A story of Holland part 2, as seen on postage stamps !!
By Rick Aalhuizen
(Place cursor over image for explanation.)
In the first section, I have mentioned how the House of Orange is closely associated with the history of the Netherlands. King Willem did much to make the country prosper again. He encouraged trade and industry and during his reign the first railway was established.. Everything was not wel in the southern provinces however. They felt that they were ignored, as far as the appointment of officials and officers were concerned and in 1830 the southern provinces revolted. In 1839 King Willem agreed to the independance of the new country of Belgium. It was during this struggle that, when the rebels tried to board a Dutch navy vessel in the port of Antwerp, the commander refused to surrender and his famous words, before he blew up the ship, were "I rather go up in the air". The commander's name was Jan van Speyk. Holland also issued a special set of stamps with a surcharge, to help rebuild the churches, that were damaged during the war. Thanks to a great plan to help rebuild things after the war, devised by the U.S General George Marshall and called "The Marshallplan 1947" Europe was quickly helped back on its feet. Marshall's slogan was "Help Europe to help itself" and consisted of a lending and leasing program. 50 years later the Dutch commemorated this by issuing two stamps.

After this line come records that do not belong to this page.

Hypothesis P_genV : forall j x, P x -> P ((gen j (Phi j))^-1 x).

(* When [gen i1] moves the spot off itself, the spot is reached backwards. *)
Lemma layer_full_cycle a y : Phi i1 (spot a) = sgm ->
  y i0 = a -> y != spot a -> P y -> forall z, z i0 = a -> P z.
Proof.
move=> Phi_i1 yi0 yS Py; apply: (layer_full yi0 yS Py).
rewrite -(permK (gen i1 (Phi i1)) (spot a)); apply: P_genV.
rewrite gen_spot // Phi_i1 sgm_a0.
apply: (layer_off_spot yi0 _ yS); rewrite ?upd_spot_i0 ?upd_spot_neq //.
by rewrite eq_sym a01.
Qed.

End Layers.

Section SymDesign.

Definition PhiA j c : {perm A} :=
  if j == i0 then
    if c == P0 then tperm a0 a1
    else if (c == upd P0 i1 (c i1)) && (c i1 != a1) then cyc3 a0 a1 (c i1) else 1
  else if j == i1 then (if c == spot a1 then sgm' else sgm)
  else (if c == P0 then sgm' else sgm).

Definition gA j := gen j (PhiA j).

Lemma PhiA_off j c : j != i0 ->
  PhiA j c = if j == i1 then (if c == spot a1 then sgm' else sgm)
             else (if c == P0 then sgm' else sgm).
Proof. by rewrite /PhiA => /negbTE ->. Qed.

Lemma PhiA_cycle j c : j != i0 -> c != spot (c i0) -> PhiA j c = sgm.
Proof.
move=> ji0 cS; rewrite PhiA_off // (negbTE (neq_spot_any a1 cS)) -spot_a0.
by rewrite (negbTE (neq_spot_any a0 cS)); case: ifP.
Qed.

Lemma PhiA_spot j a : j != i0 -> PhiA j (spot a) = sgm \/ PhiA j (spot a) = sgm'.
Proof. by move=> ji0; rewrite PhiA_off //; do 2 case: ifP => _; auto. Qed.

Lemma PhiA_i0_upd b : b != a0 -> b != a1 -> PhiA i0 (upd P0 i1 b) = cyc3 a0 a1 b.
Proof.
move=> ba0 ba1; rewrite /PhiA eqxx -spot_a0 (negbTE (upd_spot_neq _ i10 ba0)).
by rewrite upd_same spot_a0 eqxx ba1.
Qed.

(* The 3-cycles in register [i0] die in the cube, the transposition survives. *)
Lemma gA_cube : gA i0 ^+ 3 = tperm P0 (spot a1).
Proof.
rewrite /gA instrX -spot_a0 -[RHS](@instr_at_tperm _ _ a0 i0 P0 a0 a1) ?P0E //.
apply/permP => x; rewrite !instrE; congr (upd _ _ (fun_of_perm _ _)).
rewrite /PhiA eqxx; case: eqP => [_|cP0].
  by rewrite !expgS expg0 mulg1 !mulgA tperm2 mul1g.
case: ifP => [/andP [/eqP cE ca1]|_]; last by rewrite expg1n.
have ca0 : upd x i0 a0 i1 != a0.
  by apply: contra_not_neq cP0 => ca0; rewrite cE ca0 -spot_a0 upd_eq_id ?spot_other.
by rewrite cyc3_expg3 ?a01 // eq_sym.
Qed.
(* For all real $x$ and $n\ge 1/2$ the following holds: \begin{equation*} -\sqrt{x^2/4+n+1/2}<\frac{U^{\prime} (n,x)}{U(n,x)}<-\sqrt{x^2 /4+n-1/2} . \end{equation*} The left inequality also holds for $n>-1/2$.
   Context: $U(a,x)$ denotes the standard parabolic cylinder function (as in the NIST Digital Library of Mathematical Functions, Chapter 12), i.e. the solution of $y''(x)-(x^2/4+a)y(x)=0$ that is recessive (decays) as $x\rightarrow+\infty$; $U'(a,x)$ is its derivative with respect to $x$. The parameter $n$ is real. *)

From Stdlib Require Import Reals.
From Coquelicot Require Import Coquelicot.
Open Scope R_scope.

(* [is_PCF_U a y dy] : y is a (nonzero) recessive solution of the Weber
   equation y''(x) = (x^2/4 + a) y(x) on all of R, with derivative dy.
   The recessive solution is unique up to a nonzero constant factor, so y is
   a nonzero multiple c * U(a,.) of the standard parabolic cylinder function
   (DLMF 12), and dy = c * U'(a,.).  The ratio dy/y = U'(a,.)/U(a,.) is
   independent of the constant c. *)
Definition is_PCF_U (a : R) (y dy : R -> R) : Prop :=
  (forall x, is_derive y x (dy x)) /\
  (forall x, is_derive dy x ((x ^ 2 / 4 + a) * y x)) /\
  is_lim y p_infty 0 /\
  (exists x0, y x0 <> 0).

From Stdlib Require Import Reals Lra Psatz.
From Coquelicot Require Import Coquelicot.
Open Scope R_scope.

(* Put u± = y (y' ± x y / 2) and L± = y'^2 - (x^2/4 + n ± 1/2) y^2.  The Weber
   equation gives u±' = (y' ± x y / 2)^2 + (n ± 1/2) y^2, L+' = -u+ and
   L-' = u-, and the two bounds are exactly L+ < 0 and L- > 0.
   For n > -1/2, u+ is increasing; were it positive somewhere, then u+' >= u+^2
   wherever |y| <= 1, and u+ would blow up in finite time.  So u+ < 0, L+ is
   increasing, and a positive value of L+ would keep |y'| bounded below,
   against y -> 0.  Hence L+ < 0.
   For n >= 1/2, u- is nondecreasing; were it nonnegative somewhere, y^2 would
   be nondecreasing near +oo, against y -> 0.  So u- < 0 and L- is decreasing.
   Since u+ < 0 makes x^4 y^2 bounded, L- >= -(x^2/4 + n) y^2 = O(x^-2), so a
   decreasing L- must stay positive. *)

Lemma mvt_interval (f df : R -> R) (a b : R) : a < b ->
  (forall x, a <= x <= b -> is_derive f x (df x)) ->
  exists c, a <= c <= b /\ f b - f a = df c * (b - a).
Proof.
  intros Hab Hd.
  destruct (MVT_gen f a b df) as [c [Hc Heq]].
  - intros x Hx; rewrite Rmin_left, Rmax_right in Hx by lra; apply Hd; lra.
  - intros x Hx; rewrite Rmin_left, Rmax_right in Hx by lra.
    apply continuity_pt_filterlim, (ex_derive_continuous f).
    exists (df x); apply Hd; lra.
  - rewrite Rmin_left, Rmax_right in Hc by lra; exists c; split; [lra | exact Heq].
Qed.

Lemma derive_nonneg_le (f df : R -> R) (a b : R) : a <= b ->
  (forall x, a <= x <= b -> is_derive f x (df x)) ->
  (forall x, a <= x <= b -> 0 <= df x) -> f a <= f b.
Proof.
  intros Hab Hd Hpos.
  destruct (Req_dec a b) as [-> | Hne]; [lra |].
  destruct (mvt_interval f df a b) as [c [Hc Heq]]; [lra | exact Hd |].
  specialize (Hpos c Hc); nra.
Qed.

Lemma derive_pos_lt (f df : R -> R) (a b : R) : a < b ->
  (forall x, a <= x <= b -> is_derive f x (df x)) ->
  (forall x, a <= x <= b -> 0 < df x) -> f a < f b.
Proof.
  intros Hab Hd Hpos.
  destruct (mvt_interval f df a b) as [c [Hc Heq]]; [exact Hab | exact Hd |].
  specialize (Hpos c Hc); nra.
Qed.

Lemma neg_of_nonpos_derive_pos (f df : R -> R) (x : R) :
  (forall t, is_derive f t (df t)) -> (forall t, 0 < df t) ->
  (forall t, f t <= 0) -> f x < 0.
Proof.
  intros Hd Hpos Hle.
  pose proof (derive_pos_lt f df x (x + 1) ltac:(lra) (fun t _ => Hd t) (fun t _ => Hpos t)).
  pose proof (Hle (x + 1)); lra.
Qed.

Lemma derive_nonpos_le (f df : R -> R) (a b : R) : a <= b ->
  (forall x, a <= x <= b -> is_derive f x (df x)) ->
  (forall x, a <= x <= b -> df x <= 0) -> f b <= f a.
Proof.
  intros Hab Hd Hneg.
  enough (- f a <= - f b) by lra.
  apply (derive_nonneg_le (fun t => - f t) (fun t => - df t)); [exact Hab | |].
  - intros x Hx; apply (is_derive_opp f), Hd, Hx.
  - intros x Hx; specialize (Hneg x Hx); lra.
Qed.

Lemma is_lim_pinfty_0_small (f : R -> R) : is_lim f p_infty 0 ->
  forall eps, 0 < eps -> exists M, forall x, M < x -> Rabs (f x) < eps.
Proof.
  intros Hlim eps Heps.
  assert (Hball : Rbar_locally (Finite 0) (fun t => Rabs t < eps)).
  { exists (mkposreal eps Heps); intros t Ht.
    change (Rabs (t - 0) < eps) in Ht; rewrite Rminus_0_r in Ht; exact Ht. }
  destruct (Hlim _ Hball) as [M HM]; exists M; exact HM.
Qed.

(* Gronwall: the weights [exp (K t)] and [exp (- K t)] make the energy monotone towards [p]. *)
Lemma energy_zero_propagates (E dE : R -> R) (K p x0 : R) :
  (forall t, is_derive E t (dE t)) ->
  (forall t, Rmin x0 p <= t <= Rmax x0 p -> 0 <= E t /\ Rabs (dE t) <= K * E t) ->
  E p = 0 -> E x0 = 0.
Proof.
  intros HdE Hbound Hp.
  assert (Hweighted : forall s t, is_derive (fun t => E t * exp (s * t)) t
                                   ((dE t + s * E t) * exp (s * t))).
  { intros s t; auto_derive; [eexists; apply HdE |].
    erewrite is_derive_unique by apply HdE; ring. }
  destruct (Rle_dec x0 p) as [Hle | Hgt].
  - rewrite Rmin_left, Rmax_right in Hbound by lra.
    assert (Hmono : E x0 * exp (K * x0) <= E p * exp (K * p)).
    { apply (derive_nonneg_le _ _ x0 p Hle (fun t _ => Hweighted K t)).
      intros t Ht; destruct (Hbound t Ht) as [_ Hb]; apply Rabs_le_between in Hb.
      pose proof (exp_pos (K * t)); nra. }
    destruct (Hbound x0 ltac:(lra)) as [HE0 _]; pose proof (exp_pos (K * x0)); nra.
  - rewrite Rmin_right, Rmax_left in Hbound by lra.
    assert (Hmono : E x0 * exp (- K * x0) <= E p * exp (- K * p)).
    { apply (derive_nonpos_le _ _ p x0 ltac:(lra) (fun t _ => Hweighted (- K) t)).
      intros t Ht; destruct (Hbound t Ht) as [_ Hb]; apply Rabs_le_between in Hb.
      pose proof (exp_pos (- K * t)); nra. }
    destruct (Hbound x0 ltac:(lra)) as [HE0 _]; pose proof (exp_pos (- K * x0)); nra.
Qed.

When William the third died without children, Anne, (the protestant daughter of James the second) took over as Queen of England. In Holland it was William's nephew, who became William the fourth and when he died in 1757, his son, who was then only 3 years old, became William 5. When in 1795 the French occupied Holland, William left for England and died in excile.
Under French protection, Holland then became the Batavian Republic. This only lasted for a year as Napoleon made his brother Louis, King of the Netherlands. Once Napoleon had been defeated, three men organised for William to be returned and become King Willem 1. They were van Hogendorp, van Limburg Stirum and van der Duyn van Maasdam.
On the 30th of November 1813, the Prince landed on the beach of Scheveningen, which is near The Hague, the administrative capitol of the Netherlands. The Congress of Vienna, which was run by the countries that defeated Napoleon, decided that the Northern and Southern parts of Holland should be united and form the Kingdom of Holland, ruled by the Prince of Orange as King Willem 1. The coronation took place in 1815 and on the stamp we see King Willem take the oath.
In 1840 King Willem abdicated and his son Willem 2 took over. Now that Belgium had seperated from the Kingdom of Holland, a new constitution was required. Willem 1 had not taken a great deal of notice of parliament and had ruled mainly by Royal Decree. Johan Rudolf Thorbecke was the leader of a group, that wanted more power to the people in State matters and as there was a lot of turmoil in Europe (Revolutions in France and Germany) during that time, King Willem 2 accepted the new constitution and became a "Constitutional Monarch", which meant that he was virtually a figure head and the country was from then on ruled by Parliament, with the Ministers responsible. Thorbecke's famous words were :" There is even more than ever to be done in this world"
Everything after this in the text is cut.